Copy every line from the records that holds the word "Acoef".

──────── Data provided

(* Let $n\ge 1$ be an integer, $a_0,\dots,a_n$ real constants, $p\in\{1,2,3,4\}$, and let $A^{j+k}_p,B^{j+k}_p$ ($|k|\le p$), $\mathcal{A}(\Lambda)$, $\mathcal{B}(\Lambda)$ and $C_{p+2}$ be as defined in the context (computed with the optimally blended quadrature rule). Fix a frequency $\omega>0$ and, for a mesh size $h>0$, let $\tilde\lambda^h$ be the approximate eigenvalue associated with the Bloch wave $U^j=e^{ij\omega h}$ in the mixed isogeometric discretization of $\mathcal{L}=\sum_{m=0}^n a_m(-\Delta)^m$, i.e. the number satisfying $$\Big(\sum_{m=1}^n a_m\,\omega^{2m-2}\Big)\mathcal{A}(\omega h)=(\tilde\lambda^h-a_0)\,\mathcal{B}(\omega h)\,h^2 .$$ Then, as $h\to 0$, $$\tilde\lambda^h-\sum_{k=0}^n a_k\,\omega^{2k}=\Big(C_{p+2}\sum_{k=1}^n a_k\,\omega^{2k}\Big)(\omega h)^{2p+2}+\mathcal{O}(h^{2p+4}).$$
   Context: Setting: the $2n$-order eigenvalue problem $\mathcal{L}u=\lambda u$ with $\mathcal{L}=\sum_{m=0}^n a_m(-\Delta)^m$ is written in mixed form with auxiliary fields $\psi^0=u$, $\psi^m=-\Delta\psi^{m-1}$ ($m=1,\dots,n-1$), and discretized with $C^{p-1}$ B-splines of degree $p$ on a uniform 1D mesh of size $h$; with the Bloch ansatz $\Psi^{m,j}=\omega^{2m}e^{ij\omega h}$ for the coefficients of $\psi^m_h$ and elimination of the auxiliary fields, one obtains the defining relation for $\tilde\lambda^h$ given in the claim. B-splines: on knots $x_j=jh$, $\theta^j_0=1$ on $[x_j,x_{j+1})$ and $0$ otherwise, $\theta^j_p(x)=\frac{x-x_j}{x_{j+p}-x_j}\theta^j_{p-1}(x)+\frac{x_{j+p+1}-x}{x_{j+p+1}-x_{j+1}}\theta^{j+1}_{p-1}(x)$. Discrete forms: $a_h(w,v)=\sum_K\sum_l\varpi_{l,K}w'(n_{l,K})v'(n_{l,K})$, $b_h(w,v)=\sum_K\sum_l\varpi_{l,K}w(n_{l,K})v(n_{l,K})$, using elementwise the optimally blended rule $\tau_pG_{p+1}+(1-\tau_p)L_{p+1}$ ($G_l$: $l$-point Gauss–Legendre, $L_l$: $l$-point Gauss–Lobatto), with $\tau_1=\tfrac12,\tau_2=\tfrac13,\tau_3=-\tfrac32,\tau_4=-\tfrac{79}{5}$. For an interior index $j$: $A^{j+k}_p=h\,a_h(\theta^{j+k}_p,\theta^j_p)$, $B^{j+k}_p=\frac1h b_h(\theta^{j+k}_p,\theta^j_p)$ ($|k|\le p$), independent of $h$ and $j$; $\mathcal{A}(\Lambda)=A^j_p+2\sum_{k=1}^pA^{j+k}_p\cos(k\Lambda)$, $\mathcal{B}(\Lambda)=B^j_p+2\sum_{k=1}^pB^{j+k}_p\cos(k\Lambda)$; $C_{p+2}=2(-1)^p\sum_{k=1}^p\big(\frac{k^{2p+4}}{(2p+4)!}A^{j+k}_p+\frac{k^{2p+2}}{(2p+2)!}B^{j+k}_p\big)$. The quantity $\sum_{k=0}^n a_k\omega^{2k}$ is the exact eigenvalue of $\mathcal{L}$ for frequency $\omega$ (e.g. $\omega=j\pi$ on $[0,1]$). *)

From Stdlib Require Import Reals ZArith List.
Import ListNotations.
Open Scope R_scope.

Fixpoint sumR (f : nat -> R) (N : nat) : R :=
  match N with O => 0 | S N' => sumR f N' + f N' end.

(* bpiece p j m x : the polynomial piece of theta^j_p on the closed element
   K_m = [m, m+1], evaluated at x (Cox-de Boor recursion, unit knot spacing,
   so x_{j+p} - x_j = p). *)
Fixpoint bpiece (p : nat) (j m : Z) (x : R) : R :=
  match p with
  | O => if Z.eqb j m then 1 else 0
  | S q => (x - IZR j) / INR (S q) * bpiece q j m x
         + (IZR (j + Z.of_nat (S q) + 1) - x) / INR (S q) * bpiece q (j + 1) m x
  end.

Fixpoint dbpiece (p : nat) (j m : Z) (x : R) : R :=
  match p with
  | O => 0
  | S q => / INR (S q) * bpiece q j m x
         + (x - IZR j) / INR (S q) * dbpiece q j m x
         - / INR (S q) * bpiece q (j + 1) m x
         + (IZR (j + Z.of_nat (S q) + 1) - x) / INR (S q) * dbpiece q (j + 1) m x
  end.

(* lists of (node, weight) *)
Definition gauss (l : nat) : list (R * R) :=
  match l with
  | 1%nat => [(0, 2)]
  | 2%nat => [(- / sqrt 3, 1); (/ sqrt 3, 1)]
  | 3%nat => [(- sqrt (3/5), 5/9); (0, 8/9); (sqrt (3/5), 5/9)]
  | 4%nat =>
      let a := sqrt (3/7 - 2/7 * sqrt (6/5)) in
      let b := sqrt (3/7 + 2/7 * sqrt (6/5)) in
      let wa := (18 + sqrt 30) / 36 in
      let wb := (18 - sqrt 30) / 36 in
      [(- b, wb); (- a, wa); (a, wa); (b, wb)]
  | 5%nat =>
      let a := / 3 * sqrt (5 - 2 * sqrt (10/7)) in
      let b := / 3 * sqrt (5 + 2 * sqrt (10/7)) in
      let wa := (322 + 13 * sqrt 70) / 900 in
      let wb := (322 - 13 * sqrt 70) / 900 in
      [(- b, wb); (- a, wa); (0, 128/225); (a, wa); (b, wb)]
  | _ => []
  end.

Definition lobatto (l : nat) : list (R * R) :=
  match l with
  | 2%nat => [(-1, 1); (1, 1)]
  | 3%nat => [(-1, 1/3); (0, 4/3); (1, 1/3)]
  | 4%nat => [(-1, 1/6); (- / sqrt 5, 5/6); (/ sqrt 5, 5/6); (1, 1/6)]
  | 5%nat => [(-1, 1/10); (- sqrt (3/7), 49/90); (0, 32/45);
              (sqrt (3/7), 49/90); (1, 1/10)]
  | _ => []
  end.

Definition apply_rule (r : list (R * R)) (m : Z) (f : R -> R) : R :=
  fold_right (fun nw acc => snd nw / 2 * f (IZR m + (1 + fst nw) / 2) + acc) 0 r.

Definition tau (p : nat) : R :=
  match p with
  | 1%nat => 1/2
  | 2%nat => 1/3
  | 3%nat => - (3/2)
  | 4%nat => - (79/5)
  | _ => 0
  end.

Definition blended (p : nat) (m : Z) (f : R -> R) : R :=
  tau p * apply_rule (gauss (S p)) m f
  + (1 - tau p) * apply_rule (lobatto (S p)) m f.

(* sum over the elements K_m, m = -p .. 2p; these contain the supports of
   theta^0_p and theta^k_p for all |k| <= p, all other elements contribute 0 *)
Definition sum_elems (p : nat) (g : Z -> R) : R :=
  sumR (fun i => g (Z.of_nat i - Z.of_nat p)%Z) (3 * p + 1).

(* A^{j+k}_p and B^{j+k}_p computed with j = 0 and h = 1
   (they are independent of h and of the interior index j) *)
Definition Acoef (p : nat) (k : Z) : R :=
  sum_elems p (fun m => blended p m (fun x => dbpiece p k m x * dbpiece p 0 m x)).

Definition Bcoef (p : nat) (k : Z) : R :=
  sum_elems p (fun m => blended p m (fun x => bpiece p k m x * bpiece p 0 m x)).

Definition calA (p : nat) (L : R) : R :=
  Acoef p 0 + 2 * sumR (fun i => Acoef p (Z.of_nat (S i)) * cos (INR (S i) * L)) p.

Definition calB (p : nat) (L : R) : R :=
  Bcoef p 0 + 2 * sumR (fun i => Bcoef p (Z.of_nat (S i)) * cos (INR (S i) * L)) p.

Definition Cconst (p : nat) : R :=
  2 * (-1) ^ p *
  sumR (fun i => INR (S i) ^ (2 * p + 4) / INR (fact (2 * p + 4)) * Acoef p (Z.of_nat (S i))
               + INR (S i) ^ (2 * p + 2) / INR (fact (2 * p + 2)) * Bcoef p (Z.of_nat (S i))) p.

────────────────

▶ **Your response**
Definition Acoef (p : nat) (k : Z) : R :=
  Acoef p 0 + 2 * sumR (fun i => Acoef p (Z.of_nat (S i)) * cos (INR (S i) * L)) p.
  sumR (fun i => INR (S i) ^ (2 * p + 4) / INR (fact (2 * p + 4)) * Acoef p (Z.of_nat (S i))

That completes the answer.